Ethylenediamine disuccinate (EDDS) was studied for its effects on soil micro-organisms (microbial biomass, activity and diversity and community structure), using soil samples from a natural grassland in Larrauri, Northern Spain.

After the addition of 1.0 g EDDS/kg dw soil, basal respiration (as an indicator of overall microbial activity) was measured and compared to substrate-induced respiration (as a measure of potentially active biomass) after the addition of glucose. Metabolic quotient (qCO2) was then calculated as the ratio of these two measurements to determine the effect of the test substance on the soil ecosystem. The activity of dehydrogenase, acid phosphatase, glucosidase, and arylsulphatase were analyzed as representatives of four different classes of enzymes important for the breakdown of organic matter.

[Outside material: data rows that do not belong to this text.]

Lemma glued_extension1 : glued_extension (fun=> 1) = (fun=> 1).
Proof.
apply/funext => -[i z]; rewrite /glued_extension /glued_summand /=.
case: pselect => [ne|_] //.
by rewrite (summand_extensionP ne).2.2.2.2.
Qed.

Lemma glued_extension_dist_le f e i z : continuous (f : set_type F -> R^o) ->
  0 <= e -> (forall w, `|f (summand_trace_val i w) - f p0| <= e) ->
  `|glued_extension f (existT K i z) - f p0| <= e.
Proof.
move=> cf e0 fe; rewrite /glued_extension /glued_summand /=.
case: pselect => [ne|_]; last by rewrite subrr normr0.
exact: regular_extension_operator_dist_le (summand_extensionP ne) _
  (continuous_comp_summand_trace_val i cf) _ _ fe _.
Qed.

End glued_extension.

Lemma sigT_regular_extension_property (R : realType) (I : choiceType)
    (K : I -> topologicalType) :
  (forall i, has_regular_extension_property R (K i)) ->
  has_regular_extension_property R {i : I & K i}.
Proof.
move=> Krep F cF [x0 Fx0]; pose p0 : set_type F := exist _ x0 (mem_set Fx0).
have cont_id : continuous (@id {i : I & K i}) by move=> x U.
exists (glued_extension id F cont_id cF Krep p0).
split; [|split; [|split; [|split]]].
- exact: glued_extension_continuous.
- exact: glued_extension_linear.
- by move=> f cf [[i z] Fz]; apply: glued_extension_extends.
- exact: glued_extension_norm_le.
- exact: glued_extension1.
Qed.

Potentially mineralizable nitrogen was also measured as an indicator of the biological soil activity. Finally, substrate profiles were assessed to determine the functional diversity of the soil microflora.

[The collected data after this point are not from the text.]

(* The functions $\operatorname{IsCode}(n)$, $\operatorname{Len}(n)$, $\operatorname{SymbolAt}(n,i)$, $\operatorname{Concat}(n,m)$, and $\operatorname{Sub}_Z(n,m)$ are primitive recursive.
   Context: Fibonacci numbers: $F_1=1$, $F_2=2$, $F_n=F_{n-1}+F_{n-2}$. Each $n$ has a unique Zeckendorf representation $n=\sum_{e\in S}F_e$ with no two consecutive indices; $Z(n)=S$, listed $e_1>e_2>\cdots$. Cantor pairing $\mathrm{pair}(x,y)=\frac{(x+y)(x+y+1)}{2}+x$ with inverse $\mathrm{unpair}$. $\operatorname{Seq}_Z([a_1,\dots,a_m])=\sum_{i=1}^m F_{2\,\mathrm{pair}(a_i,i)+1}$, empty sequence $\mapsto 0$. $\operatorname{IsCode}(n)$ holds iff $Z(n)$ consists of odd indices with gaps of at least 2. $\operatorname{Len}(n)=|Z(n)|$ if $\operatorname{IsCode}(n)$, else $0$. $\operatorname{SymbolAt}(n,i)=a$ if $\operatorname{IsCode}(n)$, $1\le i\le\operatorname{Len}(n)$ and the $i$-th index $e_i$ (in decreasing order) satisfies $\mathrm{unpair}((e_i-1)/2)=(a,i)$; otherwise $0$. For valid codes $n,m$ decoding to sequences $[a_1,\dots,a_k]$ and $[b_1,\dots,b_l]$, $\operatorname{Concat}(n,m)=\operatorname{Seq}_Z([a_1,\dots,a_k,b_1,\dots,b_l])$. Formulas and terms of a fixed first-order language are coded by $\operatorname{Seq}_Z$ of their sequences of symbol numbers; for $n$ coding a formula $\varphi(x)$ with free variable $x$ and $m$ coding a term $t$, $\operatorname{Sub}_Z(n,m)$ is obtained by decoding $n$ to its symbol sequence, replacing each occurrence of $\ulcorner x\urcorner$ by the decoded symbol sequence of $m$, and re-encoding via $\operatorname{Seq}_Z$. *)

From mathcomp Require Import all_boot.
Set Implicit Arguments. Unset Strict Implicit. Unset Printing Implicit Defensive.

Definition prec k (g : k.-tuple nat -> nat) (h : k.+2.-tuple nat -> nat)
    (v : k.+1.-tuple nat) : nat :=
  let w := behead_tuple v in
  (fix F (n : nat) : nat :=
     match n with
     | 0 => g w
     | n'.+1 => h (cons_tuple n' (cons_tuple (F n') w))
     end) (thead v).

Inductive PRf : forall k : nat, (k.-tuple nat -> nat) -> Prop :=
| PRf_zero k : @PRf k (fun _ => 0)
| PRf_succ : @PRf 1 (fun v => (thead v).+1)
| PRf_proj k (i : 'I_k) : @PRf k (fun v => tnth v i)
| PRf_comp k m (g : m.-tuple nat -> nat) (h : 'I_m -> k.-tuple nat -> nat) :
    @PRf m g -> (forall i, @PRf k (h i)) ->
    @PRf k (fun v => g [tuple h i v | i < m])
| PRf_rec k (g : k.-tuple nat -> nat) (h : k.+2.-tuple nat -> nat) :
    @PRf k g -> @PRf k.+2 h -> @PRf k.+1 (prec g h).

Definition primrec k (f : k.-tuple nat -> nat) : Prop :=
  exists g, @PRf k g /\ forall v, g v = f v.

Definition primrec1 (f : nat -> nat) : Prop :=
  @primrec 1 (fun v => f (tnth v ord0)).
Definition primrec2 (f : nat -> nat -> nat) : Prop :=
  @primrec 2 (fun v => f (tnth v ord0) (tnth v (lift ord0 ord0))).
Definition primrec_pred1 (P : nat -> bool) : Prop :=
  primrec1 (fun n => nat_of_bool (P n)).

(* ---------- Fibonacci numbers F_1 = 1, F_2 = 2 (F_0 := 1 is unused) ---------- *)
Fixpoint fibp (n : nat) : nat * nat :=
  match n with
  | 0 => (1, 1)
  | n'.+1 => let p := fibp n' in (p.2, p.2 + p.1)
  end.
Definition fib (n : nat) : nat := (fibp n).1.

(* greedy step: the largest index e >= 1 with F_e <= n (for n >= 1).
   Since F is increasing (F_1 < F_2 < ...), we count e upward from 1 while
   F_(e+1) <= n; the fuel n suffices because F_e >= e. *)
Fixpoint zeck_top_aux (fuel e n : nat) : nat :=
  match fuel with
  | 0 => e
  | fuel'.+1 => if fib e.+1 <= n then zeck_top_aux fuel' e.+1 n else e
  end.
Definition zeck_top (n : nat) : nat := zeck_top_aux n 1 n.

Fixpoint zeck_rec (fuel n : nat) : seq nat :=
  match fuel with
  | 0 => [::]
  | fuel'.+1 =>
      if n == 0 then [::]
      else zeck_top n :: zeck_rec fuel' (n - fib (zeck_top n))
  end.

Definition zeck (n : nat) : seq nat := zeck_rec n n.

Definition cpair (x y : nat) : nat := (x + y) * (x + y + 1) %/ 2 + x.

Definition tri (w : nat) : nat := w * (w + 1) %/ 2.
Definition cunpair (z : nat) : nat * nat :=
  let w := foldr maxn 0 [seq w <- iota 0 z.+1 | tri w <= z] in
  (z - tri w, w - (z - tri w)).

Definition SeqZ (s : seq nat) : nat :=
  sumn [seq fib (2 * cpair (nth 0 s i) i.+1 + 1) | i <- iota 0 (size s)].

Definition IsCode (n : nat) : bool :=
  all odd (zeck n) && sorted (fun a b => b + 2 <= a) (zeck n).

Definition Len (n : nat) : nat := if IsCode n then size (zeck n) else 0.

(* SymbolAt n i = a where e is an index of Z(n) with unpair((e-1)/2) = (a,i)
   (the first such e in decreasing order, if several); 0 if there is none,
   if n is not a code, or if i is out of range. *)
Definition SymbolAt (n i : nat) : nat :=
  if IsCode n && (1 <= i <= Len n) then
    let ps := [seq cunpair ((e - 1) %/ 2) | e <- zeck n] in
    (nth (0, 0) ps (find (fun ai => ai.2 == i) ps)).1
  else 0.

Definition decode (n : nat) : seq nat := [seq SymbolAt n i | i <- iota 1 (Len n)].

Definition Concat (n m : nat) : nat := SeqZ (decode n ++ decode m).

(* vx is the symbol number of the variable x *)
Definition SubZ (vx : nat) (n m : nat) : nat :=
  SeqZ (flatten [seq (if a == vx then decode m else [:: a]) | a <- decode n]).

From mathcomp Require Import all_boot zify.
From Stdlib Require Import FunctionalExtensionality.
Set Implicit Arguments. Unset Strict Implicit. Unset Printing Implicit Defensive.

(* Each of the five functions has a closed form built from arithmetic, iteration, and
   sums, products, maxima, counts and least witnesses over initial segments [0, b); [PRf]
   is closed under all of these, so the closed form is primitive recursive.
   The Zeckendorf digits are made explicit by iterating the greedy step
   r |-> r - F_(top r), where top r - 1 counts the Fibonacci numbers F_2, F_3, ... not
   exceeding r. Since 0 is a fixed point of the step, the nonzero remainders form an
   initial segment, so Z(n) is the list of the tops of the first few remainders. Fibonacci
   numbers themselves come from iterating (a, b) |-> (b, a + b) on Cantor codes, and
   Seq_Z of a concatenation or substitution splits into sums over the blocks, each
   shifted by the total length of the preceding ones. *)

(** * Closure properties of [PRf] *)

Lemma PRf_ext k (f g : k.-tuple nat -> nat) : PRf f -> f =1 g -> PRf g.
Proof. by move=> Hf /functional_extensionality <-. Qed.

Lemma PRf_eq k (f g : k.-tuple nat -> nat) : f =1 g -> PRf g -> PRf f.
Proof. by move=> /functional_extensionality ->. Qed.

Lemma PRf_comp_nth k m (g : m.-tuple nat -> nat) (h : nat -> k.-tuple nat -> nat)
    (f : k.-tuple nat -> nat) :
  PRf g -> (forall i, i < m -> PRf (h i)) ->
  (forall v (w : m.-tuple nat), (forall i, i < m -> nth 0 w i = h i v) -> f v = g w) ->
  PRf f.
Proof.
move=> Hg Hh Hf; apply: PRf_ext (PRf_comp Hg (fun i : 'I_m => Hh i (ltn_ord i))) _ => v.
symmetry; apply: Hf => i lt_im.
by rewrite -(tnth_nth 0 _ (Ordinal lt_im)) tnth_mktuple.
Qed.

Lemma pr_nth k i : PRf (fun v : k.-tuple nat => nth 0 v i).
Proof.
case: (ltnP i k) => [lt_ik | le_ki].
  by apply: PRf_ext (PRf_proj (Ordinal lt_ik)) _ => v; rewrite (tnth_nth 0).
by apply: PRf_ext (PRf_zero k) _ => v; rewrite nth_default ?size_tuple.
Qed.

Lemma pr_succ k (a : k.-tuple nat -> nat) : PRf a -> PRf (fun v => (a v).+1).
Proof.
move=> Ha; apply: (PRf_comp_nth (h := fun _ => a) PRf_succ) => // v w /(_ 0 isT) w0.
by rewrite /thead (tnth_nth 0) w0.
Qed.

Lemma pr_const k c : PRf (fun _ : k.-tuple nat => c).
Proof. by elim: c => [|c IHc]; [exact: PRf_zero | exact: pr_succ]. Qed.

Lemma pr_behead k (a : k.-tuple nat -> nat) :
  PRf a -> PRf (fun u : k.+1.-tuple nat => a (behead_tuple u)).
Proof.
move=> Ha; apply: (PRf_comp_nth (h := fun i u => nth 0 u i.+1) Ha) => [i _|u w Ew].
  exact: pr_nth.
by congr a; apply: eq_from_tnth => i; rewrite !(tnth_nth 0) Ew // nth_behead.
Qed.

Lemma behead_cons k n (v : k.-tuple nat) : behead_tuple (cons_tuple n v) = v.
Proof. exact: val_inj. Qed.

Lemma pr_drop_snd k (f : k.+1.-tuple nat -> nat) :
  PRf f ->
  PRf (fun u : k.+2.-tuple nat => f (cons_tuple (nth 0 u 0) (behead_tuple (behead_tuple u)))).
Proof.
move=> Hf; apply: (PRf_comp_nth (h := fun i u => nth 0 u (if i is 0 then 0 else i.+1)) Hf).
  by move=> i _; exact: pr_nth.
move=> u w Ew; congr f; apply: eq_from_tnth => i; rewrite !(tnth_nth 0) Ew //.
by case: i => -[|i] //= _; rewrite !nth_behead.
Qed.

Lemma prec_cons k (g : k.-tuple nat -> nat) (h : k.+2.-tuple nat -> nat) n v :
  prec g h (cons_tuple n v) = iteri n (fun m r => h (cons_tuple m (cons_tuple r v))) (g v).
Proof. by rewrite /prec behead_cons theadE; elim: n => //= n ->. Qed.

Lemma pr_iteri k (x g : k.-tuple nat -> nat) (S : k.-tuple nat -> nat -> nat -> nat) :
  PRf x -> PRf g ->
  PRf (fun u : k.+2.-tuple nat => S (behead_tuple (behead_tuple u)) (nth 0 u 0) (nth 0 u 1)) ->
  PRf (fun v => iteri (x v) (S v) (g v)).
Proof.
move=> Hx Hg HS.
apply: (PRf_comp_nth (h := fun i => if i is i'.+1 then nth 0^~ i' else x) (PRf_rec Hg HS)).
  by case=> [|i] _; [exact: Hx | exact: pr_nth].
move=> v w Ew; have -> : w = cons_tuple (x v) v.
  by apply: eq_from_tnth => i; rewrite !(tnth_nth 0) Ew //; case: i => -[|i].
by rewrite prec_cons; apply: eq_iteri => n r; rewrite !behead_cons.
Qed.

Lemma iter_iteri T n (f : T -> T) x : iter n f x = iteri n (fun _ => f) x.
Proof. by elim: n => //= n ->. Qed.

Lemma pr_iter k (x g : k.-tuple nat -> nat) (S : k.-tuple nat -> nat -> nat) :
  PRf x -> PRf g -> PRf (fun u : k.+1.-tuple nat => S (behead_tuple u) (nth 0 u 0)) ->
  PRf (fun v => iter (x v) (S v) (g v)).
Proof.
move=> Hx Hg HS; apply: PRf_ext (pr_iteri (S := fun v _ => S v) Hx Hg _) _.
  by apply: PRf_ext (pr_behead HS) _ => u; rewrite /= nth_behead.
by move=> v; rewrite iter_iteri.
Qed.

Create HintDb primrec discriminated.
(* Unfolding constants during the search would let [pr_if] match [nat_of_bool b]
   (= [if b then 1 else 0]) and loop. *)
Hint Constants Opaque : primrec.
Hint Resolve pr_const pr_nth pr_behead pr_succ pr_iteri pr_iter : primrec.
Ltac primrec := typeclasses eauto with primrec.

Lemma pr_add k (a b : k.-tuple nat -> nat) : PRf a -> PRf b -> PRf (fun v => a v + b v).
Proof.
move=> Ha Hb; apply: PRf_ext (pr_iter (S := fun _ r => r.+1) Ha Hb _) _; first by primrec.
by move=> v /=; elim: (a v) => //= n ->.
Qed.

Lemma pr_pred k (a : k.-tuple nat -> nat) : PRf a -> PRf (fun v => (a v).-1).
Proof.
move=> Ha; apply: PRf_ext (pr_iteri (S := fun _ n _ => n) Ha (pr_const _ 0) _) _.
  by primrec.
by move=> v /=; case: (a v).
Qed.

Basal respiration was reduced slightly (by about 10%), whilst substrate-induced respiration was unaffected by the addition of the test substance. The qCO2 was significantly reduced compared to the control value, indicating development of the ecosystem. There were no significant changes in enzyme activities or potentially mineralizable nitrogen when compared to the controls. Functional diversity was actually increased by the presence of EDDS. In conclusion, 1 g EDDS/kg dw soil had no significant detrimental effect on the soil microflora; this value is considered the study 3 -d NOEC (Epelde et al. 2008).

[Information on EDDS is considered relevant to use for understanding the potential effects of trisodium EDDS on microbial toxicity, and is acceptable for using as read-across information.]